Decision makers are humans that are inconsistent when making decisions. The human cognitive limitations make it very difficult for humans to evaluate all the available alternatives when making decision. The decision maker uses prior experience or information available to analyze the decision choice as a result limiting the consistency in the decision making process (the volume of information can limit the consistency).
Also, when the decision phase involves taking into account a variety of multiple criteria with evaluation based on a multiple-value choice, AHP splits the overall problem into many evaluations of lesser importance while keeping at the same their part in the global decision. This becomes confusing for the decision maker because they can not evaluate the true importance of the decision alternative.
This is an extensive discussion of AHP as a formal approach which allows decision makers to follow gradual and thorough steps in analyzing complex decisions. The approach decomposes a larger problem into is constituent parts dealing with rational concepts to choose the best alternative. AHP is a great tool that assists decision makers but it does not make the final selection of the best alternative(s) for the decision maker.
Ahmed, N., Berg, D., & Simons, G. R. (2006). The Integration of Analytical Hierarchy process and Data Envelopment Analysis In A Multi-Criteria Decision-Making Problem.

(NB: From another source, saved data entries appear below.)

(* Moving the center by [s t] towards a half-space [{<., t> >= beta}] that
   eventually contains [y k] would lower the asymptotic radius by [s delta]. *)
Lemma asymp_center_halfspace P vs m t beta :
  infinitely_often P -> asymp_center P vs m ->
  (forall e, 0 < e -> exists N, forall k, (N <= k)%N -> P k -> beta - e <= ip (y k) t) ->
  beta <= ip vs t.
Proof.
move=> iP [hm hvs] hb.
rewrite leNgt; apply/negP => hlt.
have [t0|tn] := eqVneq t 0.
  move: hlt; rewrite t0 (ip0r hip) => b0.
  have [N hN] := hb _ (divr_gt0 b0 (ltr0n _ 2)); have [k hk Pk] := iP N.
  by have := hN k hk Pk; rewrite t0 (ip0r hip); lra.
pose delta := beta - ip vs t.
have d0 : 0 < delta by rewrite subr_gt0.
have tau0 : 0 < `|t| ^+ 2 by rewrite exprn_gt0 // normr_gt0.
pose s := delta / `|t| ^+ 2.
have s0 : 0 < s by rewrite divr_gt0.
have hd : forall e, 0 < e -> asymp_ub P (vs + s *: t) (m - s * delta + (2 * s + 1) * e).
  move=> e e0 e' e'0.
  have [N1 hN1] := hvs e e0; have [N2 hN2] := hb e e0.
  exists (maxn N1 N2) => k; rewrite geq_max => /andP[k1 k2] Pk.
  rewrite opprD addrA (sqr_normB hip) (ipZr hip) (ipBl hip) normrZ exprMn gtr0_norm //.
  have -> : s ^+ 2 * `|t| ^+ 2 = s * delta.
    by rewrite /s; field; rewrite normr_eq0.
  have := hN1 k k1 Pk; have := hN2 k k2 Pk; rewrite /delta.
  move: (ip (y k) t) (ip vs t) (`|y k - vs| ^+ 2) => p q r h1 h2.
  have : s * (beta - e) <= s * p by rewrite ler_wpM2l // ltW.
  lra.
have : s * delta <= 0.
  apply: (@le_of_le_add_small_mul _ _ _ (2 * s + 1)) => e e0 _.
  by have := hm _ _ (hd e e0); lra.
by have := mulr_gt0 s0 d0; lra.
Qed.

Section Opial.
Variable Z : H -> Prop.
Hypothesis Z_center : forall P v m, infinitely_often P -> asymp_center P v m -> Z v.
Hypothesis Z_cvg : forall z, Z z -> exists rho, sqr_dist_cvg z rho.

International Journal of Information Technology & Decision Making, 5(2), 263-276.
Grandzol, J. R. (2005). IR Applications: Improving the Faculty Selection Process in Higher Education: A Case for the Analytic Hierarchy Process. Retrieved Nov. 25, 2007, from http://airweb.org/page.asp?page=295
McCaffrey, J. (2005). . Retrieved Nov. 23, 2007, from http://msdn.microsoft.com/msdnmag/issues/05/06/TestRun/
Yager, R. R. (1999). An extension of the Analytical Hierarchy Process using OWA operators. An Extension of the Analytical Hierarchy Process Using OWA Operators, 7(3), 401-417.